Spam Overload
Over the last week or so, I have received an enormous amount of scam, but no matter how many times I "train" the filter, it doesn't work.
I have just received another 3 from this site: mid:02guhjkj6-ABMcSHN6Or-JiC-000000@eu-central-1.amazonses.com, which claim to be from Madasafish Security>security@qi9adgongzenElptrum.de
I have tried on several occasions to follow the manual instructions how to deal with the spam, but I find it so log-winded that my non-techie brain, which is not wired for these kind of things, gets tired and I give up. If anyone has a more intuitive approach how to deal with this, I would be very appreciative. I have marked sites multiple times as spam, but the spam control ignores me!
All Replies (5)
Have you read the support documentation on spam? https://support.mozilla.org/en-US/kb/thunderbird-and-junk-spam-messages
The sender is not a consideration in determining if something is spam.
Thanks Matt,
I've followed the instructions from your link, so I'm hoping that by tomrrow I will see a reduction in the spam sent me.
Improved?
Thanks Matt and Wayne,
It has improved somewhat , but all of a sudden I am now having spam from random sites under the guise of madasafish such as, sales@shakleeacademy.my saying my google one storage is full and asking to subscribe.

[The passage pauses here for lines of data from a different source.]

Lemma harmonic_odd_index m : (1 <= m)%nat ->
  harmonic (2 * m - 1) = odd_harmonic m + harmonic (m - 1) / 2.
Proof.
  intros Hm; destruct m as [|k]; [lia|].
  replace (2 * S k - 1)%nat with (S (2 * k)) by lia; rewrite Nat.sub_succ, Nat.sub_0_r.
  rewrite harmonic_S, odd_harmonic_S, odd_harmonic_eq, !S_INR, mult_INR; simpl (INR 2).
  replace (2 * (INR k + 1) - 1) with ((1 + 1) * INR k + 1) by ring; ring.
Qed.

Lemma recip_sum_double n : recip_sum (fun y => 2 * INR y) n = harmonic n / 2.
Proof.
  unfold recip_sum; rewrite (sum1_ext _ (fun y => / 2 * / INR y)).
  - rewrite sum1_scal; unfold Rdiv; rewrite Rmult_comm; reflexivity.
  - intros y Hy; apply Rinv_mult.
Qed.

Lemma harmonic_step k : 0 <= harmonic (S k) - harmonic k <= / INR (S k).
Proof.
  rewrite harmonic_S.
  pose proof (Rinv_0_lt_compat _ (lt_0_INR (S k) (Nat.lt_0_succ k))); lra.
Qed.

Lemma harmonic_ge0 n : 0 <= harmonic n.
Proof.
  induction n as [|n IH]; [rewrite harmonic_O; lra|].
  pose proof (harmonic_step n); lra.
Qed.

Lemma odd_harmonic_step k : 0 <= odd_harmonic (S k) - odd_harmonic k <= / INR (S k).
Proof.
  rewrite odd_harmonic_S, S_INR; pose proof (pos_INR k).
  assert (0 < / (2 * (INR k + 1) - 1)) by (apply Rinv_0_lt_compat; lra).
  assert (/ (2 * (INR k + 1) - 1) <= / (INR k + 1)) by (apply Rinv_le_contravar; lra).
  lra.
Qed.

(** * Summing over a triangle by rows and by diagonals *)

Section ArithmeticKernel.

Variables x t : nat -> R.
Hypothesis x_add : forall i y, x (i + y)%nat = x i + t y.
Hypothesis x_pos : forall i, (1 <= i)%nat -> 0 < x i.
Hypothesis t_pos : forall y, (1 <= y)%nat -> 0 < t y.

Lemma kernel_row_sum y M : (1 <= y)%nat ->
  sum1 (fun i => / (t y * x i * x (i + y)%nat)) M
  = (recip_sum x y + recip_sum x M - recip_sum x (M + y)) / t y ^ 2.
Proof.
  intros Hy; pose proof (t_pos y Hy).
  rewrite (sum1_ext _ (fun i => / t y ^ 2 * (/ x i - / x (i + y)%nat))).
  - rewrite sum1_scal, sum1_sub, (sum1_shift (fun i => / x i)).
    unfold recip_sum; field; lra.
  - intros i Hi; rewrite x_add; pose proof (x_pos i (proj1 Hi)); field; lra.
Qed.

Lemma kernel_diag_sum n :
  sum1 (fun y => / (t y * x (S n - y)%nat * x (S n))) n
  = (recip_sum t n + recip_sum x n) / x (S n) ^ 2.
Proof.
  pose proof (x_pos (S n) (le_n_S _ _ (Nat.le_0_l n))).
  rewrite (sum1_ext _ (fun y => / x (S n) ^ 2 * (/ t y + / x (S n - y)%nat))).
  - rewrite sum1_scal, sum1_add, (sum1_reflect (fun i => / x i)).
    unfold recip_sum; field; lra.
  - intros y Hy.
    assert (Hs : x (S n) = x (S n - y)%nat + t y) by (rewrite <- x_add; f_equal; lia).
    pose proof (x_pos (S n - y) ltac:(lia)); pose proof (t_pos y (proj1 Hy)).
    rewrite Hs; field; lra.
Qed.

Lemma kernel_triangle N :
  sum1 (fun s => (recip_sum t (s - 1) + recip_sum x (s - 1)) / x s ^ 2) N
  = sum1 (fun y => (recip_sum x y - (recip_sum x N - recip_sum x (N - y))) / t y ^ 2) N.
Proof.
  pose proof (sum1_triangle (fun y i => / (t y * x i * x (i + y)%nat)) N) as Htri.
  cbv beta in Htri.
  rewrite (sum1_ext _ (fun s => (recip_sum t (s - 1) + recip_sum x (s - 1)) / x s ^ 2))
    in Htri.
  2:{ intros [|n] Hn; [lia|]; replace (S n - 1)%nat with n by lia.
      rewrite <- kernel_diag_sum; apply sum1_ext; intros y Hy.
      replace (S n - y + y)%nat with (S n) by lia; reflexivity. }
  rewrite (sum1_ext (fun y => sum1 (fun i => / (t y * x i * x (i + y)%nat)) (N - y))
    (fun y => (recip_sum x y - (recip_sum x N - recip_sum x (N - y))) / t y ^ 2)) in Htri.
  2:{ intros y Hy; rewrite kernel_row_sum by lia.
      replace (N - y + y)%nat with N by lia; pose proof (t_pos y (proj1 Hy)); field; lra. }
  exact Htri.
Qed.

End ArithmeticKernel.

(** * Limits of harmonic and zeta partial sums *)

Lemma is_lim_seq_inv_succ : is_lim_seq (fun n => / (INR n + 1)) 0.
Proof.
  apply (is_lim_seq_ext (fun n => / INR (S n))); [intro n; rewrite S_INR; reflexivity|].
  apply (is_lim_seq_incr_1 (fun n => / INR n)).
  exact (is_lim_seq_inv _ _ is_lim_seq_INR ltac:(discriminate)).
Qed.

Lemma is_lim_seq_ln_div : is_lim_seq (fun n => ln (INR n) / INR n) 0.
Proof. exact (filterlim_comp _ _ _ INR _ _ _ _ is_lim_seq_INR is_lim_div_ln_p). Qed.

Lemma ln_le_sub_1 x : 0 < x -> ln x <= x - 1.
Proof.
  intros Hx; rewrite <- (ln_exp (x - 1)).
  apply ln_le; [exact Hx|]; pose proof (exp_ineq1_le (x - 1)); lra.
Qed.

Lemma ln_succ_bounds y : 0 < y -> / (y + 1) <= ln (y + 1) - ln y <= / y.
Proof.
  intros Hy; split.
  - rewrite <- Ropp_minus_distr, <- ln_div by lra.
    pose proof (ln_le_sub_1 (y / (y + 1)) ltac:(apply Rdiv_lt_0_compat; lra)) as Hln.
    replace (y / (y + 1) - 1) with (- / (y + 1)) in Hln by (field; lra); lra.
  - rewrite <- ln_div by lra.
    pose proof (ln_le_sub_1 ((y + 1) / y) ltac:(apply Rdiv_lt_0_compat; lra)) as Hln.
    replace ((y + 1) / y - 1) with (/ y) in Hln by (field; lra); lra.
Qed.

Lemma harmonic_sub_le_ln m k : (1 <= m)%nat ->
  harmonic (m + k) - harmonic m <= ln (INR (m + k)) - ln (INR m).
Proof.
  intros Hm; induction k as [|k IH]; [rewrite Nat.add_0_r; lra|].
  rewrite Nat.add_succ_r, harmonic_S, S_INR.
  assert (Hpos : 0 < INR (m + k)) by (apply lt_0_INR; lia).
  pose proof (ln_succ_bounds _ Hpos); lra.
Qed.

Lemma harmonic_sub_ge_ln m k :
  ln (INR (m + k) + 1) - ln (INR m + 1) <= harmonic (m + k) - harmonic m.
Proof.
  induction k as [|k IH]; [rewrite Nat.add_0_r; lra|].
  rewrite Nat.add_succ_r, harmonic_S, S_INR.
  assert (Hpos : 0 < INR (m + k) + 1) by (pose proof (pos_INR (m + k)); lra).
  pose proof (ln_succ_bounds _ Hpos); lra.
Qed.

Lemma harmonic_double_sub_le_ln2 n : (1 <= n)%nat -> harmonic (2 * n) - harmonic n <= ln 2.
Proof.
  intros Hn; pose proof (harmonic_sub_le_ln n n Hn) as Hle.
  assert (Hpos : 0 < INR n) by (apply lt_0_INR; lia).
  replace (n + n)%nat with (2 * n)%nat in Hle by lia.
  replace (INR (2 * n)) with (2 * INR n) in Hle by (rewrite mult_INR; simpl; ring).
  rewrite ln_mult in Hle by lra; lra.
Qed.

Lemma is_lim_harmonic_double_sub : is_lim_seq (fun n => harmonic (2 * n) - harmonic n) (ln 2).
Proof.
  apply is_lim_seq_incr_1.
  apply (is_lim_seq_le_le (fun n => ln 2 - / (INR n + 1)) _ (fun _ => ln 2)).
  - intros n; split; [|apply harmonic_double_sub_le_ln2; lia].
    pose proof (harmonic_sub_ge_ln (S n) (S n)) as Hge.
    replace (S n + S n)%nat with (2 * S n)%nat in Hge by lia.
    replace (INR (2 * S n)) with (2 * (INR n + 1)) in Hge
      by (rewrite mult_INR, (S_INR n); simpl (INR 2); ring).
    rewrite S_INR in Hge; pose proof (pos_INR n).
    pose proof (ln_succ_bounds (2 * (INR n + 1) + 1) ltac:(lra)) as [_ Hup].
    replace (2 * (INR n + 1) + 1 + 1) with (2 * (INR n + 1 + 1)) in Hup by ring.
    rewrite ln_mult in Hup by lra.
    assert (/ (2 * (INR n + 1) + 1) <= / (INR n + 1)) by (apply Rinv_le_contravar; lra).
    lra.
  - replace (Finite (ln 2)) with (Finite (ln 2 - 0)) by (f_equal; ring).
    apply is_lim_seq_minus'; [apply is_lim_seq_const|exact is_lim_seq_inv_succ].
  - apply is_lim_seq_const.
Qed.

Lemma is_lim_harmonic_div : is_lim_seq (fun n => harmonic n / (INR n + 1)) 0.
Proof.
  apply (is_lim_seq_le_le_loc (fun _ => 0) _ (fun n => / (INR n + 1) + ln (INR n) / INR n)).
  - exists 1%nat; intros n Hn.
    assert (Hpos : 1 <= INR n) by (apply (le_INR 1); exact Hn).
    pose proof (harmonic_sub_le_ln 1 (n - 1) (le_n 1)) as Hle.
    replace (1 + (n - 1))%nat with n in Hle by lia.
    change (harmonic 1) with (harmonic (S 0)) in Hle.
    rewrite harmonic_S, harmonic_O in Hle; simpl (INR 1) in Hle.
    rewrite ln_1, Rinv_1 in Hle.
    assert (Hln : 0 <= ln (INR n)) by (rewrite <- ln_1; apply ln_le; lra).
    assert (ln (INR n) / (INR n + 1) <= ln (INR n) / INR n)
      by (apply Rmult_le_compat_l; [lra|apply Rinv_le_contravar; lra]).
    split; [apply Rdiv_le_0_compat; [apply harmonic_ge0|lra]|].
    apply (Rle_trans _ ((1 + ln (INR n)) / (INR n + 1))).
    + apply Rmult_le_compat_r; [apply Rlt_le, Rinv_0_lt_compat|]; lra.
    + unfold Rdiv at 1; rewrite Rmult_plus_distr_r; lra.
  - apply is_lim_seq_const.
  - replace (Finite 0) with (Finite (0 + 0)) by (f_equal; ring).
    exact (is_lim_seq_plus' _ _ _ _ is_lim_seq_inv_succ is_lim_seq_ln_div).
Qed.

Lemma is_lim_harmonic_double_div : is_lim_seq (fun n => harmonic (2 * n) / (INR n + 1)) 0.
Proof.
  apply (is_lim_seq_le_le_loc (fun _ => 0) _
    (fun n => harmonic n / (INR n + 1) + ln 2 * / (INR n + 1))).
  - exists 1%nat; intros n Hn.
    pose proof (harmonic_double_sub_le_ln2 n Hn); pose proof (pos_INR n).
    split; [apply Rdiv_le_0_compat; [apply harmonic_ge0|lra]|].
    unfold Rdiv; rewrite <- Rmult_plus_distr_r.
    apply Rmult_le_compat_r; [apply Rlt_le, Rinv_0_lt_compat|]; lra.
  - apply is_lim_seq_const.
  - replace (Finite 0) with (Finite (0 + ln 2 * 0)) by (f_equal; ring).
    apply is_lim_seq_plus'; [exact is_lim_harmonic_div|].
    exact (is_lim_seq_scal_l _ (ln 2) 0 is_lim_seq_inv_succ).
Qed.

Definition zeta_partial (s n : nat) : R := sum1 (fun k => / INR k ^ s) n.

Lemma zeta_partial_S s n : zeta_partial s (S n) = zeta_partial s n + / INR (S n) ^ s.
Proof. exact (sum1_S _ n). Qed.

Lemma zeta_partial_le s n : (2 <= s)%nat -> zeta_partial s (S n) <= 2 - / INR (S n).
Proof.
  intros Hs; induction n as [|n IH].
  - unfold zeta_partial; rewrite sum1_S, sum1_O, pow1; simpl; lra.
  - rewrite zeta_partial_S, (S_INR (S n)).
    assert (Hn : 1 <= INR (S n)) by (apply (le_INR 1); lia).
    assert (/ (INR (S n) + 1) ^ s <= / INR (S n) - / (INR (S n) + 1)).
    { replace (/ INR (S n) - / (INR (S n) + 1)) with (/ (INR (S n) * (INR (S n) + 1)))
        by (field; lra).
      apply Rinv_le_contravar; [nra|].
      apply (Rle_trans _ ((INR (S n) + 1) ^ 2)); [nra|apply Rle_pow; [lra|exact Hs]]. }
    lra.
Qed.

Lemma is_lim_zeta_partial s : (2 <= s)%nat -> is_lim_seq (zeta_partial s) (zeta s).
Proof.
  intros Hs.
  assert (Hsum : forall N, sum_n (fun k => / INR (k + 1) ^ s) N = zeta_partial s (S N))
    by (intro N; exact (sum_n_succ (fun k => / INR k ^ s) N)).
  assert (Hex : ex_series (fun k => / INR (k + 1) ^ s)).
  { apply (ex_finite_lim_seq_incr _ 2); intro n; rewrite !Hsum.
    - rewrite (zeta_partial_S s (S n)).
      pose proof (Rinv_0_lt_compat _ (pow_lt _ s (lt_0_INR (S (S n)) (Nat.lt_0_succ _)))).
      lra.
    - pose proof (zeta_partial_le s n Hs).
      pose proof (Rinv_0_lt_compat _ (lt_0_INR (S n) (Nat.lt_0_succ _))); lra. }
  apply is_lim_seq_incr_1, (is_lim_seq_ext _ _ _ Hsum), (Series_correct _ Hex).
Qed.

Lemma zeta2_partial_tail_bounds n M : (1 <= n)%nat ->
  / (INR n + 1) - / (INR (M + n) + 1) <= zeta_partial 2 (M + n) - zeta_partial 2 n
  <= / INR n - / INR (M + n).
Proof.
  intros Hn; induction M as [|M IH]; [simpl; lra|].
  rewrite Nat.add_succ_l, zeta_partial_S, S_INR.
  assert (Hk : 1 <= INR (M + n)) by (apply (le_INR 1); lia).
  assert (/ (INR (M + n) + 1) - / (INR (M + n) + 1 + 1) <= / (INR (M + n) + 1) ^ 2).
  { replace (/ (INR (M + n) + 1) - / (INR (M + n) + 1 + 1))
      with (/ ((INR (M + n) + 1) * (INR (M + n) + 1 + 1))) by (field; lra).
    apply Rinv_le_contravar; nra. }
  assert (/ (INR (M + n) + 1) ^ 2 <= / INR (M + n) - / (INR (M + n) + 1)).
  { replace (/ INR (M + n) - / (INR (M + n) + 1))
      with (/ (INR (M + n) * (INR (M + n) + 1))) by (field; lra).
    apply Rinv_le_contravar; nra. }
  lra.
Qed.

Lemma zeta2_tail_bounds n : (1 <= n)%nat ->
  / (INR n + 1) <= zeta 2 - zeta_partial 2 n <= / INR n.
Proof.
  intros Hn.
  assert (Hinv : is_lim_seq (fun M => / INR (M + n)) 0).
  { apply (is_lim_seq_incr_n (fun m => / INR m) n).
    exact (is_lim_seq_inv _ _ is_lim_seq_INR ltac:(discriminate)). }
  assert (Hinv1 : is_lim_seq (fun M => / (INR (M + n) + 1)) 0)
    by exact (proj1 (is_lim_seq_incr_n (fun m => / (INR m + 1)) n 0) is_lim_seq_inv_succ).
  assert (Htail : is_lim_seq (fun M => zeta_partial 2 (M + n) - zeta_partial 2 n)
                    (zeta 2 - zeta_partial 2 n)).
  { apply is_lim_seq_minus'; [|apply is_lim_seq_const].
    apply (is_lim_seq_incr_n (zeta_partial 2) n), is_lim_zeta_partial; lia. }
  assert (Hlo := is_lim_seq_le _ _ _ _ (fun M => proj1 (zeta2_partial_tail_bounds n M Hn))
    (is_lim_seq_minus' _ _ _ _ (is_lim_seq_const (/ (INR n + 1))) Hinv1) Htail).
  assert (Hup := is_lim_seq_le _ _ _ _ (fun M => proj2 (zeta2_partial_tail_bounds n M Hn))
    Htail (is_lim_seq_minus' _ _ _ _ (is_lim_seq_const (/ INR n)) Hinv)).
  simpl in Hlo, Hup; lra.
Qed.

My perception: Thunderbird does a good job, as evidenced that you reduced the assault. But spam-management is not email management, and there are dedicated products to do that, such as mailwasher (which I use and it eliminated the issue. Ain't free, but it works.) and others. You could also create a few filters for problems. For example, what you shared had a domain suffix of.mv. You could create a filter to eliminate emails with domain suffixes other than the ones you consider legitimate. It's work, I agree.